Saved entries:
------

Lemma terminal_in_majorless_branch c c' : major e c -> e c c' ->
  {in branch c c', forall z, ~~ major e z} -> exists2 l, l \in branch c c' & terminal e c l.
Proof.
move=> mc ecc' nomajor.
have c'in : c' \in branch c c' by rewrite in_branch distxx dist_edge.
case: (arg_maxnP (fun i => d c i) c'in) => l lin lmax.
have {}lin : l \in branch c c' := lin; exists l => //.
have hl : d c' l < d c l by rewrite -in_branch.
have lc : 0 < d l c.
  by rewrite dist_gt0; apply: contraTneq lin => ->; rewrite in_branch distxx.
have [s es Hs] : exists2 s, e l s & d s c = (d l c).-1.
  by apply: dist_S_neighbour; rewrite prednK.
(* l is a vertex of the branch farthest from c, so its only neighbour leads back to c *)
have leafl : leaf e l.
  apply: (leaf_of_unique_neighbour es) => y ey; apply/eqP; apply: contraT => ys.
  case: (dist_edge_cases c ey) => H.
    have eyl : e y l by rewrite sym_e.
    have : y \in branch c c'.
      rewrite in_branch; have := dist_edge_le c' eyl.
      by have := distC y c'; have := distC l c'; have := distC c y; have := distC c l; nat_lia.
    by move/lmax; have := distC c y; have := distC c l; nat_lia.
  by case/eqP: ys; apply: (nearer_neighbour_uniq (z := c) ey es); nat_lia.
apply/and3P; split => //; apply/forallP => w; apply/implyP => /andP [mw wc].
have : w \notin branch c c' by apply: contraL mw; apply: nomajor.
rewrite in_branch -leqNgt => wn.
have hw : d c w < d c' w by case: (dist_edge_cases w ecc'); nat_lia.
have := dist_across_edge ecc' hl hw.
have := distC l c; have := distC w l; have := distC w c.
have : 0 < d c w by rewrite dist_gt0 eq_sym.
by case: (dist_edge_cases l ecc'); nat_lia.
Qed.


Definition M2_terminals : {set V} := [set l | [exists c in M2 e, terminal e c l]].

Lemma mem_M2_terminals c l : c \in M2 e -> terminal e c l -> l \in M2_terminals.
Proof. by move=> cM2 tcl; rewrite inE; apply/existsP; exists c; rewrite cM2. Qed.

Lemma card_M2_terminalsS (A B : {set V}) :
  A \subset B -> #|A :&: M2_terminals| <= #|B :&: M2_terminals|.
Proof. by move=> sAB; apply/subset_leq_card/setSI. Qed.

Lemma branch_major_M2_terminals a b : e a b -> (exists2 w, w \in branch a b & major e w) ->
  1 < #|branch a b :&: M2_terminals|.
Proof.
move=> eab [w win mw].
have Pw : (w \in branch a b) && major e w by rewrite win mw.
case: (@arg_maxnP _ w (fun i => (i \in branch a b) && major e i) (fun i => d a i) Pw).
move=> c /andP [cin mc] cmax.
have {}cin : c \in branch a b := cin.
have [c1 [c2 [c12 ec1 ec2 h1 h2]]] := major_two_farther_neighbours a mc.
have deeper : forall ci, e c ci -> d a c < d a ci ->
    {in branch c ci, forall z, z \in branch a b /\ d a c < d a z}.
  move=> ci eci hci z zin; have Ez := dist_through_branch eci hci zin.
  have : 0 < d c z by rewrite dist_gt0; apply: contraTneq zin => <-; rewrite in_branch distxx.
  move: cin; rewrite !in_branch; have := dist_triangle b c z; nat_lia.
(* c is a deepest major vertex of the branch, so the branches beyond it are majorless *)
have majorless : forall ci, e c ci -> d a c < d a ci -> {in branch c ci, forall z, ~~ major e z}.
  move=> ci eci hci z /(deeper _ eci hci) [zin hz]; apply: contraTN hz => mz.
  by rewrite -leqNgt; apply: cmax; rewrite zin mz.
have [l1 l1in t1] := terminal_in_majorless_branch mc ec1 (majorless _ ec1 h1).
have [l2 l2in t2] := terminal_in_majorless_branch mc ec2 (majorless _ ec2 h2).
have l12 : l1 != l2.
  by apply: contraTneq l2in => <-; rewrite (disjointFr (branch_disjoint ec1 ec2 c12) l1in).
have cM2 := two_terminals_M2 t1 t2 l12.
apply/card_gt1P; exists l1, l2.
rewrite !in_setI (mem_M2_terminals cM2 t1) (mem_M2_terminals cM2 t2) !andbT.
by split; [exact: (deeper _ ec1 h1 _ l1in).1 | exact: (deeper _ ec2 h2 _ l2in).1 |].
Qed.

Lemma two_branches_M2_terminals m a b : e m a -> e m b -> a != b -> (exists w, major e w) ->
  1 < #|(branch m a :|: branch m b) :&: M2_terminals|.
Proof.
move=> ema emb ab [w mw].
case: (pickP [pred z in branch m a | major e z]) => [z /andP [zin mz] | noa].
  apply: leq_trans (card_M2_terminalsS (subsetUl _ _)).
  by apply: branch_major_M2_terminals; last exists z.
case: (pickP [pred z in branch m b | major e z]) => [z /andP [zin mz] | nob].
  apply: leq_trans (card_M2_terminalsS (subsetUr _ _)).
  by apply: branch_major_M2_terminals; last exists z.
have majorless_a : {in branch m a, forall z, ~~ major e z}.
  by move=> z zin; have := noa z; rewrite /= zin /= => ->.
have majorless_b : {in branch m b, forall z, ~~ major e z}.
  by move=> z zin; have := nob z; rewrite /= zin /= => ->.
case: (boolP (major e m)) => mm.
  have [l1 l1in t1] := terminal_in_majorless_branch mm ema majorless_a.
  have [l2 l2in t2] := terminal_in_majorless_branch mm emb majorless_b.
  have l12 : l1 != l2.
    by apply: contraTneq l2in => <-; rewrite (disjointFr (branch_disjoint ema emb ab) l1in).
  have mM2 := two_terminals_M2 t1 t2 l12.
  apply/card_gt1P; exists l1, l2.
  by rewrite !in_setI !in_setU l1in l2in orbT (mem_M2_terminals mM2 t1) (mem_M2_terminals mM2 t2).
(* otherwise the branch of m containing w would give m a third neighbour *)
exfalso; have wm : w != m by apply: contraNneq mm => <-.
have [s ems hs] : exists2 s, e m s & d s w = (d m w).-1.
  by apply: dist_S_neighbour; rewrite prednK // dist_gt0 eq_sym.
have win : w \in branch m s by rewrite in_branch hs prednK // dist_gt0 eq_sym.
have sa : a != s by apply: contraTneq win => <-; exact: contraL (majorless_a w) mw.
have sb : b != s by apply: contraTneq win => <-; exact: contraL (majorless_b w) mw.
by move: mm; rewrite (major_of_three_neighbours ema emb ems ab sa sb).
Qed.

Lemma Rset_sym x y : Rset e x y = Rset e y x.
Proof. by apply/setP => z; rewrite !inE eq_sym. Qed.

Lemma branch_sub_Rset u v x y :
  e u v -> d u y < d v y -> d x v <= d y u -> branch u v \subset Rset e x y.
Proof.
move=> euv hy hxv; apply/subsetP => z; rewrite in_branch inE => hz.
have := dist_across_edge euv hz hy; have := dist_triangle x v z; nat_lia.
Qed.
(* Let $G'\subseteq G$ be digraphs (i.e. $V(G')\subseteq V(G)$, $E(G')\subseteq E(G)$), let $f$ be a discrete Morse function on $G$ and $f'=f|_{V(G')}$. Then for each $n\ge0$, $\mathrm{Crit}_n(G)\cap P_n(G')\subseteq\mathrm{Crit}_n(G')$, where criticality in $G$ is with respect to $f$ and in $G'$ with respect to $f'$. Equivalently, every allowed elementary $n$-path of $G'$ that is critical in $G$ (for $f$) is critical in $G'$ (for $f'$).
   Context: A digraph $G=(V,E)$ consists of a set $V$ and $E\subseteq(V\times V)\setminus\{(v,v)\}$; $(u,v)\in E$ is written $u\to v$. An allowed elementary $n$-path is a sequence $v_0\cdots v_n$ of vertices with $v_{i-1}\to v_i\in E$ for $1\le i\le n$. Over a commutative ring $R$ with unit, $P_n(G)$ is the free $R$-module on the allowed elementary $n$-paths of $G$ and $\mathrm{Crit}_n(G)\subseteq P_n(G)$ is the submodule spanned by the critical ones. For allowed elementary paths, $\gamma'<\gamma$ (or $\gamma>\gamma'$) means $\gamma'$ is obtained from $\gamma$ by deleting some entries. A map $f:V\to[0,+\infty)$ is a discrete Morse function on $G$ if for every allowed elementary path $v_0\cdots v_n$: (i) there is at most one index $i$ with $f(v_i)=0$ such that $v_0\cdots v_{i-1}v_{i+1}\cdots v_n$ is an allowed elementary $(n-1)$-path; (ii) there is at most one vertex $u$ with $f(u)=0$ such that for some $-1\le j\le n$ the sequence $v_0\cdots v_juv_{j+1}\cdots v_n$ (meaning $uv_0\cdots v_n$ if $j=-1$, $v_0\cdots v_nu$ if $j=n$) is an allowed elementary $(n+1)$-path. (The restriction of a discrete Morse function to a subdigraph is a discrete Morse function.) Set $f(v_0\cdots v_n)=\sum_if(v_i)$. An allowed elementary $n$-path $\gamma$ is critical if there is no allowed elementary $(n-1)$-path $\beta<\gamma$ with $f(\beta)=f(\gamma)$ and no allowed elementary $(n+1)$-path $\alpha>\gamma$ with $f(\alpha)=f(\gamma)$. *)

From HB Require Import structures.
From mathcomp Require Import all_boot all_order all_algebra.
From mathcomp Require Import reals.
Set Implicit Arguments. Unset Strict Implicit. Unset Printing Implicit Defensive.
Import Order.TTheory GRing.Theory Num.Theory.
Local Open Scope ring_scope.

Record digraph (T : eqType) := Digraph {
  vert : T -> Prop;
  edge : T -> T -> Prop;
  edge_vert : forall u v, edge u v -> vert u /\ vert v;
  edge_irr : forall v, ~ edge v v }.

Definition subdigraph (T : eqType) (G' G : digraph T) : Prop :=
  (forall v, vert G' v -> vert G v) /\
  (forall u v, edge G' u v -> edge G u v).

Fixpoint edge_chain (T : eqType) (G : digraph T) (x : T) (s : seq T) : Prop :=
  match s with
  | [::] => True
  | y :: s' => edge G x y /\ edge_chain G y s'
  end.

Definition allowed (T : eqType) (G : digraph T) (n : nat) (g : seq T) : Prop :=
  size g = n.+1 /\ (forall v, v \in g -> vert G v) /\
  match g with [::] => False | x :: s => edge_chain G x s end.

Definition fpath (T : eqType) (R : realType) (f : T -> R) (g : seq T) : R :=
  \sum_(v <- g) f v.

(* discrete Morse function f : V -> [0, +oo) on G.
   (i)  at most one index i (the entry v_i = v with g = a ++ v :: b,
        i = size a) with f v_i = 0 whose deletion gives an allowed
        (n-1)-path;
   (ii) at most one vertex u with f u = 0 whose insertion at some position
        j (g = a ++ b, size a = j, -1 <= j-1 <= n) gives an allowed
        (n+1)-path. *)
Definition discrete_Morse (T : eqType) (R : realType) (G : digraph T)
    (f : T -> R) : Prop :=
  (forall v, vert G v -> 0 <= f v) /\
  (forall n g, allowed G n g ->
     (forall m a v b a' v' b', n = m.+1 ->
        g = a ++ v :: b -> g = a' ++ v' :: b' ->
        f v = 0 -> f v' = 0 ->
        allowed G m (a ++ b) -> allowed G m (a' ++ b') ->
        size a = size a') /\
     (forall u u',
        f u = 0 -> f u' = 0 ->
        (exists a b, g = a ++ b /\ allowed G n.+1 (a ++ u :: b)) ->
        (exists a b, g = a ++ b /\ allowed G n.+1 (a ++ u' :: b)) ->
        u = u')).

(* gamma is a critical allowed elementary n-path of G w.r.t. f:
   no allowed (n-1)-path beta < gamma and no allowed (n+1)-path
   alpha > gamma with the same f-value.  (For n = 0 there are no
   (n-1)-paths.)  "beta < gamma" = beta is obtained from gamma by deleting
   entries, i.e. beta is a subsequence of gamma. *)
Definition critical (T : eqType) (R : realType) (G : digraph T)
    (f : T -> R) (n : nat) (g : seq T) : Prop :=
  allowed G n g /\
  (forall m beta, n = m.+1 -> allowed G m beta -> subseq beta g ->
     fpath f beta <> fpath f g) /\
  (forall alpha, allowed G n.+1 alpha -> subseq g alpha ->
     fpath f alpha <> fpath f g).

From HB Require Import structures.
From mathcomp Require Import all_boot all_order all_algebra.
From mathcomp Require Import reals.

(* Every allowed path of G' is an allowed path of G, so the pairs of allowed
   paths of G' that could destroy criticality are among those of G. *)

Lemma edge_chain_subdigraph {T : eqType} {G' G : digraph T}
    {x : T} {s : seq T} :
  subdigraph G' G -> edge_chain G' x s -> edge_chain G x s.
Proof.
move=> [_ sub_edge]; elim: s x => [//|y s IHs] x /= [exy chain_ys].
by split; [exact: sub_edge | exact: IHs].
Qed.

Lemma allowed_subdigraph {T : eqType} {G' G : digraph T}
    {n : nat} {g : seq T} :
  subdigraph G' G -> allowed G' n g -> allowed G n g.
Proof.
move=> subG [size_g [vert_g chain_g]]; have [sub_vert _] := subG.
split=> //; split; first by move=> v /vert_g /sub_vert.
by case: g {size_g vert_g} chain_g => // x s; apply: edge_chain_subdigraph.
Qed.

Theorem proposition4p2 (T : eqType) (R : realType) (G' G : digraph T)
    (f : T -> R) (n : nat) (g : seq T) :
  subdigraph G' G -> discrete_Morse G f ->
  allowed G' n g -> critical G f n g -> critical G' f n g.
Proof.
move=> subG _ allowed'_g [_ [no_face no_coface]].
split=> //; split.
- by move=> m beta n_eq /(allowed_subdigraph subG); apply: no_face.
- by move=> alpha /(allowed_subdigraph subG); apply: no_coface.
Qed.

------

→ **Problem requirements**
All that is needed is the opening run of the data, given again exactly: please include every line from the first through the line with "have := dist_across_edge ecc' hl hw.", both ends kept.

→ **Completed task**
Lemma terminal_in_majorless_branch c c' : major e c -> e c c' ->
  {in branch c c', forall z, ~~ major e z} -> exists2 l, l \in branch c c' & terminal e c l.
Proof.
move=> mc ecc' nomajor.
have c'in : c' \in branch c c' by rewrite in_branch distxx dist_edge.
case: (arg_maxnP (fun i => d c i) c'in) => l lin lmax.
have {}lin : l \in branch c c' := lin; exists l => //.
have hl : d c' l < d c l by rewrite -in_branch.
have lc : 0 < d l c.
  by rewrite dist_gt0; apply: contraTneq lin => ->; rewrite in_branch distxx.
have [s es Hs] : exists2 s, e l s & d s c = (d l c).-1.
  by apply: dist_S_neighbour; rewrite prednK.
(* l is a vertex of the branch farthest from c, so its only neighbour leads back to c *)
have leafl : leaf e l.
  apply: (leaf_of_unique_neighbour es) => y ey; apply/eqP; apply: contraT => ys.
  case: (dist_edge_cases c ey) => H.
    have eyl : e y l by rewrite sym_e.
    have : y \in branch c c'.
      rewrite in_branch; have := dist_edge_le c' eyl.
      by have := distC y c'; have := distC l c'; have := distC c y; have := distC c l; nat_lia.
    by move/lmax; have := distC c y; have := distC c l; nat_lia.
  by case/eqP: ys; apply: (nearer_neighbour_uniq (z := c) ey es); nat_lia.
apply/and3P; split => //; apply/forallP => w; apply/implyP => /andP [mw wc].
have : w \notin branch c c' by apply: contraL mw; apply: nomajor.
rewrite in_branch -leqNgt => wn.
have hw : d c w < d c' w by case: (dist_edge_cases w ecc'); nat_lia.
have := dist_across_edge ecc' hl hw.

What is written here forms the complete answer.